An important lesson from our many supply chain snarls is that upstream shortages can cause major downstream jams.
Short on lumber? That’ll crimp wooden pallet supplies and disrupt goods transport. Short on aluminum? You’ll have to wait longer for that can of soda. Short on chips? That’ll shut down entire car plants.
The electric vehicle supply chain is similarly exposed to raw material shortages. And there’s an added problem: investments in downstream EV factories and battery plants are outstripping investments in upstream lithium mining.
“There’s a very significant imbalance,” says Keith Phillips, CEO of mining company Piedmont Lithium, referring to the whole EV supply chain. “There’s an immense amount of capital going into the construction of vehicle plants and battery plants, and there’s not nearly enough capital going into lithium production…that means many of [the EV and battery plants] will be empty.”
Indeed, the battery materials consultancy Benchmark Minerals calculates that the downstream of EV supply chain is growing at twice the pace of upstream mining and processing. ”Something drastic needs to happen to close this gap if one of the key pillars of the [energy transition]is to exist at scale,” the consultancy’s CEO Simon Moores noted on Twitter this month.
A number of factors can explain the EV supply chain’s lopsidedness.

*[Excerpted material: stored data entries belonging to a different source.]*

Lemma rankD_lt_row_ker m n (M : 'M[D]_(m, n)) :
  (rankD M < m)%N -> exists2 u : 'rV_m, u != 0 & u *m M = 0.
Proof.
move=> lt_rank_m; have [S indS cardS] := rankD_witness M.
have ltST : (#|S| < #|[set: 'I_m]|)%N by rewrite cardsT card_ord cardS.
have [u [i ui] u_sol] : exists2 u : 'I_m -> D,
    exists i, u i != 0 & forall j, j \in S -> \sum_i u i * M i j = 0.
  (* Solve the transposed system over the opposite ring. *)
  have [u [_ u_neq0 u_sol]] :=
    @homogeneous_system_nontrivial D^c unitD _ _ (fun j i => M i j) _ _ ltST.
  by exists u.
have uM j : \sum_i u i * M i j = 0.
  have [jS|jS] := boolP (j \in S); first exact: u_sol.
  have [c Mj] : exists c, forall i, M i j = \sum_(l in S) M i l * c l.
    apply: (col_span_of_dependent jS indS) => /col_indep_leq_rankD.
    by rewrite cardsU1 jS cardS ltnn.
  under eq_bigr do rewrite Mj mulr_sumr.
  rewrite exchange_big big1 // => l lS.
  transitivity ((\sum_i u i * M i l) * c l); last by rewrite u_sol // mul0r.
  by rewrite mulr_suml; apply: eq_bigr => i' _; rewrite mulrA.
exists (\row_i u i); first by apply/rV0Pn; exists i; rewrite mxE.
apply/matrixP => ? j; rewrite !mxE -[RHS](uM j).
by apply: eq_bigr => i' _; rewrite mxE.
Qed.

Lemma full_rank_of_mulmx_span m n (M : 'M[D]_(m, n)) :
  (forall Y : 'M[D]_(m, n),
     exists (P : 'M[D]_m) (Q : 'M[D]_n), Y = P *m M + M *m Q) ->
  full_rank M.
Proof.
move=> spanY; apply/eqP; rewrite eqn_leq rankD_leq_min leqNgt; apply/negP => lt_rank.
have [u /rV0Pn [i ui] uM] := rankD_lt_row_ker (leq_trans lt_rank (geq_minl m n)).
have [c /cV0Pn [j /negP cj] Mc] := rankD_lt_col_ker (leq_trans lt_rank (geq_minr m n)).
have [P [Q Ydef]] := spanY (delta_mx i j).
have : u *m delta_mx i j *m c = 0.
  by rewrite Ydef mulmxDr mulmxDl !mulmxA uM !mul0mx -!mulmxA Mc !mulmx0 addr0.
rewrite -(mul_delta_mx (0 : 'I_1)) mulmxA -colE -mulmxA -rowE.
move/matrixP/(_ 0 0); rewrite !mxE big_ord1 !mxE => uc0.
by apply: cj; rewrite -(mulKr (unitD ui) (c j 0)) uc0 mulr0.
Qed.

End DivisionRing.

Section LocalRing.
Variable R : unitRingType.
Hypothesis localR : forall x : R, x \is a GRing.unit \/ (1 - x) \is a GRing.unit.

Lemma local_unit_of_linv (u b : R) : u * b = 1 -> b \is a GRing.unit.
Proof.
move=> ub1; have bu_idem : b * u * (b * u) = b * u.
  by rewrite mulrA -(mulrA b) ub1 mulr1.
case: (localR (b * u)) => [bu_unit | bu1_unit].
  apply/unitrP; exists u; split=> //.
  by move: (mulKr bu_unit (b * u)); rewrite bu_idem mulVr // => <-.
have b0 : b = 0.
  by rewrite -(mulKr bu1_unit b) mulrBl mul1r -mulrA ub1 mulr1 subrr mulr0.
by move/eqP: ub1; rewrite b0 mulr0 eq_sym oner_eq0.
Qed.

Lemma local_unit_of_rinv (u b : R) : b * u = 1 -> b \is a GRing.unit.
Proof.
move=> bu1; have u_unit := local_unit_of_linv bu1.
by rewrite -(mulrK u_unit b) bu1 mul1r unitrV.
Qed.

Lemma local_unit_of_mul (x b z : R) : x * b * z \is a GRing.unit -> b \is a GRing.unit.
Proof.
move=> xbz_unit; pose w := (x * b * z)^-1.
have z_unit : z \is a GRing.unit.
  by apply: (@local_unit_of_linv (w * (x * b))); rewrite -mulrA /w mulVr.
have x_unit : x \is a GRing.unit.
  by apply: (@local_unit_of_rinv (b * z * w)); rewrite !mulrA /w mulrV.
by move: xbz_unit; rewrite unitrMl // unitrMr.
Qed.

Lemma local_nonunit_radical (b : R) :
  b \isn't a GRing.unit -> forall x z, (1 - x * b * z) \is a GRing.unit.
Proof.
move=> b_nonunit x z; case: (localR (1 - x * b * z)) => //.
by rewrite opprB addrC subrK => /local_unit_of_mul; rewrite (negbTE b_nonunit).
Qed.

End LocalRing.

Lemma residue_division_ring (R D : unitRingType) (q : {rmorphism R -> D}) :
  (forall d, exists b, q b = d) -> (forall b, b \isn't a GRing.unit -> q b = 0) ->
  forall d : D, d != 0 -> d \is a GRing.unit.
Proof.
move=> q_surj q_nonunit d; have [b <-] := q_surj d.
by have [/(rmorph_unit q) //|/q_nonunit ->] := boolP (b \is a GRing.unit); rewrite eqxx.
Qed.

Lemma blk_idx_mxvec_index s r (i : 'I_s) (l : 'I_r) :
  blk_idx (mxvec_index i l) = (i, l).
Proof. by rewrite /blk_idx /mxvec_index cast_ordK enum_rankK. Qed.

Lemma mxvec_index_blk_idx s r (kk : 'I_(s * r)) :
  mxvec_index (blk_idx kk).1 (blk_idx kk).2 = kk.
Proof. by rewrite /blk_idx /mxvec_index -surjective_pairing enum_valK cast_ordKV. Qed.

Section Bimodule.
Variables (k : fieldType) (A : algType k) (B : unitAlgType k) (X : lmodType k).
Variables (la : A -> X -> X) (ra : X -> B -> X).
Hypothesis bimod : is_bimodule la ra.

Lemma laDr a x x' : la a (x + x') = la a x + la a x'.
Proof. by case: bimod => _ [-> _]. Qed.
Lemma raDr x b b' : ra x (b + b') = ra x b + ra x b'.
Proof. by case: bimod => _ [_ [_ [_ [-> _]]]]. Qed.
Lemma raDl x x' b : ra (x + x') b = ra x b + ra x' b.
Proof. by case: bimod => _ [_ [_ [_ [_ [-> _]]]]]. Qed.
Lemma raA x b b' : ra x (b * b') = ra (ra x b) b'.
Proof. by case: bimod => _ [_ [_ [_ [_ [_ [_ [-> _]]]]]]]. Qed.
Lemma la_ra a x b : la a (ra x b) = ra (la a x) b.
Proof. by case: bimod => _ [_ [_ [_ [_ [_ [_ [_ [-> _]]]]]]]]. Qed.

Lemma lar0 a : la a 0 = 0.
Proof. by apply: (addrI (la a 0)); rewrite -laDr !addr0. Qed.
Lemma rar0 x : ra x 0 = 0.
Proof. by apply: (addrI (ra x 0)); rewrite -raDr !addr0. Qed.
Lemma ra0r b : ra 0 b = 0.
Proof. by apply: (addrI (ra 0 b)); rewrite -raDl !addr0. Qed.
Lemma raNr x b : ra x (- b) = - ra x b.
Proof. by apply/eqP; rewrite -addr_eq0 -raDr addNr rar0. Qed.
Lemma raNl x b : ra (- x) b = - ra x b.
Proof. by apply/eqP; rewrite -addr_eq0 -raDl addNr ra0r. Qed.
Lemma raBr x b b' : ra x (b - b') = ra x b - ra x b'.
Proof. by rewrite raDr raNr. Qed.

Lemma la_sumr (I : finType) a (F : I -> X) : la a (\sum_i F i) = \sum_i la a (F i).
Proof. exact: (big_morph (la a) (laDr a) (lar0 a)). Qed.
Lemma ra_sumr (I : finType) x (F : I -> B) : ra x (\sum_i F i) = \sum_i ra x (F i).
Proof. exact: (big_morph (ra x) (raDr x) (rar0 x)). Qed.
Lemma ra_suml (I : finType) b (F : I -> X) : ra (\sum_i F i) b = \sum_i ra (F i) b.
Proof. exact: (big_morph (ra^~ b) (fun x y => raDl x y b) (ra0r b)). Qed.

Variables (D : unitRingType) (q : {rmorphism B -> D}) (r : nat) (g : 'I_r -> X).
Hypotheses (localB : local_ring B) (kerq : forall b, q b = 0 <-> jacobson b).
Hypothesis gmin : minimal_right_gen ra g.

Lemma q_nonunit b : b \isn't a GRing.unit -> q b = 0.
Proof. by move/(local_nonunit_radical localB)/kerq. Qed.

(* [residue_of] without the [X J_B] error term, which [residue_expansion]
   absorbs into the lift [b]. *)
Definition expansion (x : X) (c : 'I_r -> D) : Prop :=
  exists2 b : 'I_r -> B, (forall l, q (b l) = c l) & x = \sum_l ra (g l) (b l).

Lemma XJ_expansion x : in_XJ ra x -> expansion x (fun _ => 0).
Proof.
case=> n [xs [js [js_rad ->]]].
have [gam xs_gam] := fin_all_exists (fun i => proj1 gmin (xs i)).
exists (fun l => \sum_i gam i l * js i).
  move=> l; rewrite rmorph_sum big1 // => i _.
  by rewrite rmorphM (proj2 (kerq _) (js_rad i)) mulr0.
under eq_bigr do rewrite xs_gam ra_suml.
rewrite exchange_big; apply: eq_bigr => l _.
by rewrite ra_sumr; apply: eq_bigr => i _; rewrite raA.
Qed.

Lemma residue_expansion x c : residue_of ra q g x c -> expansion x c.
Proof.
case=> b [qb /XJ_expansion [j qj xj]].
exists (fun l => b l + j l); first by move=> l; rewrite rmorphD qb qj addr0.
under eq_bigr do rewrite raDr.
by rewrite big_split /= -xj addrC subrK.
Qed.

(* Nakayama: a unit coefficient would make [g l0] redundant. *)
Lemma relation_coeffs_q0 (d : 'I_r -> B) :
  \sum_l ra (g l) (d l) = 0 -> forall l, q (d l) = 0.
Proof.
move=> rel l0; have [d_unit|/q_nonunit //] := boolP (d l0 \is a GRing.unit).
pose g' i := g (lift l0 i).
have rel' : \sum_i ra (g' i) (d (lift l0 i)) = - ra (g l0) (d l0).
  by apply/eqP; rewrite -addr_eq0 -[X in _ == X]rel (bigD1_ord l0) //= addrC.
have gen' : right_generates ra g'.
  move=> x; have [b ->] := proj1 gmin x.
  exists (fun i => b (lift l0 i) - d (lift l0 i) * ((d l0)^-1 * b l0)).
  under [RHS]eq_bigr do rewrite raBr raA.
  rewrite sumrB -ra_suml rel' raNl opprK -raA mulrA (mulrV d_unit) mul1r.
  by rewrite (bigD1_ord l0) //= addrC.
have := proj2 gmin _ g' gen'.
by rewrite ltn_geF // ltn_predL (leq_ltn_trans _ (ltn_ord l0)).
Qed.

Lemma expansion_unique x c c' : expansion x c -> expansion x c' -> c =1 c'.
Proof.
case=> b qb xb [b' qb' xb'] l.
have rel : \sum_l ra (g l) (b l - b' l) = 0.
  by under eq_bigr do rewrite raBr; rewrite sumrB -xb -xb' subrr.
apply/eqP; rewrite -subr_eq0 -qb -qb' -rmorphB; apply/eqP.
exact: relation_coeffs_q0 rel l.
Qed.

Lemma eq_expansion x c c' : c =1 c' -> expansion x c -> expansion x c'.
Proof. by move=> cc' [b qb xb]; exists b => // l; rewrite qb cc'. Qed.

Lemma expansion_sum (I : finType) (F : I -> X) (c : I -> 'I_r -> D) :
  (forall i, expansion (F i) (c i)) -> expansion (\sum_i F i) (fun l => \sum_i c i l).
Proof.
move=> Fc; have [b qb Fb] := fin_all_exists2 Fc.
exists (fun l => \sum_i b i l).
  by move=> l; rewrite rmorph_sum; apply: eq_bigr => i _; rewrite qb.
under eq_bigr do rewrite Fb.
by rewrite exchange_big; apply: eq_bigr => l _; rewrite ra_sumr.
Qed.

Lemma expansion_add x y c d :
  expansion x c -> expansion y d -> expansion (x + y) (fun l => c l + d l).
Proof.
case=> b qb -> [b' qb' ->]; exists (fun l => b l + b' l).
  by move=> l; rewrite rmorphD qb qb'.
by rewrite -big_split; apply: eq_bigr => l _; rewrite raDr.
Qed.

Lemma expansion_ra x c b : expansion x c -> expansion (ra x b) (fun l => c l * q b).
Proof.
case=> b' qb' ->; exists (fun l => b' l * b); first by move=> l; rewrite rmorphM qb'.
by rewrite ra_suml; apply: eq_bigr => l _; rewrite raA.
Qed.

Variable pi : X -> 'cV[D]_r.
Hypothesis pi_res : forall x, residue_of ra q g x (fun m => pi x m ord0).

Lemma expansion_pi x : expansion x (fun l => pi x l ord0).
Proof. exact: residue_expansion. Qed.

Lemma pi_of_expansion x c : expansion x c -> forall l, pi x l ord0 = c l.
Proof. exact: expansion_unique (expansion_pi x). Qed.

Lemma pi_mx_add s t (y y' : 'M[X]_(s, t)) :
  pi_mx pi (y + y') = pi_mx pi y + pi_mx pi y'.
Proof.
apply/matrixP => kk j; rewrite !mxE.
exact: pi_of_expansion (expansion_add (expansion_pi _) (expansion_pi _)) _.
Qed.

Lemma pi_mx_ract s t (x : 'M[X]_(s, t)) b :
  pi_mx pi (mx_ract ra x b) = pi_mx pi x *m map_mx q b.
Proof.
apply/matrixP => kk j; rewrite !mxE.
have x_b n := expansion_ra (b n j) (expansion_pi (x (blk_idx kk).1 n)).
rewrite (pi_of_expansion (expansion_sum x_b)).
by apply: eq_bigr => n _; rewrite !mxE.
Qed.

Hypothesis q_surj : forall d, exists b, q b = d.

Lemma pi_mx_surj s t (Y : 'M[D]_(s * r, t)) : exists y, pi_mx pi y = Y.
Proof.
have lift_entry (p : 'I_s * 'I_t) :
    exists y, forall l, pi y l ord0 = Y (mxvec_index p.1 l) p.2.
  have [b qb] := fin_all_exists (fun l => q_surj (Y (mxvec_index p.1 l) p.2)).
  by exists (\sum_l ra (g l) (b l)); apply: pi_of_expansion; exists b.
have [y yY] := fin_all_exists lift_entry.
exists (\matrix_(i, j) y (i, j)).
by apply/matrixP => kk j; rewrite !mxE yY mxvec_index_blk_idx.
Qed.

Variables (s : nat) (phi : 'M[A]_s -> 'M[D]_(s * r)).
Hypothesis phi_res : forall (a : 'M[A]_s) (i : 'I_s) (kk : 'I_(s * r)),
  residue_of ra q g (la (a i (blk_idx kk).1) (g (blk_idx kk).2))
    (fun m => phi a (mxvec_index i m) kk).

First, lithium projects take a lot longer to build, get permitted, and ramp up, notes Phillips. He would know. Piedmont’s flagship project is slated to be one of the US’s first new and major lithium mines when it opens. But the permitting process, which Phillips says is far more complicated and lengthy than in Australia or China, has taken years and is still not completed.
Second, Phillips thinks EV companies were slow to fully appreciate the enormity of lithium demand. “In the past, these car companies haven’t had to deal with difficulties in procuring steering wheels and windshields or seats. They never really had a shortage of this before,” he said.
That’s now starting to change. Take Tesla: its CEO Elon Musk wants the company to get into lithium mining as a way to secure supplies and control costs.
But what if the US could work closely with allies who are major lithium producers—say Australia, which makes up 55% of world production?
To that end, the US Department of Defense (DoD) has proposed to Congress (pdf) that the definition of “domestic source” be changed in the Defense Production Act, a law passed at the beginning of the Korean War to help the US build needed war material.
Where “domestic source” is currently defined as a business that operates in or procures from the US or Canada, the DoD wants to widen that to additionally include the UK and Australia.
Phillips, whose company has a lithium project in Quebec, welcomes this proposal. With Canada’s and Australia’s lithium resources, he says, “then certainly [the US] can be self-sufficient.”
Consider it a kind of “friend-shoring” for lithium and EVs. Or as Benchmark’s Moores put it: “We think it’s the start of a new energy storage trade bloc.”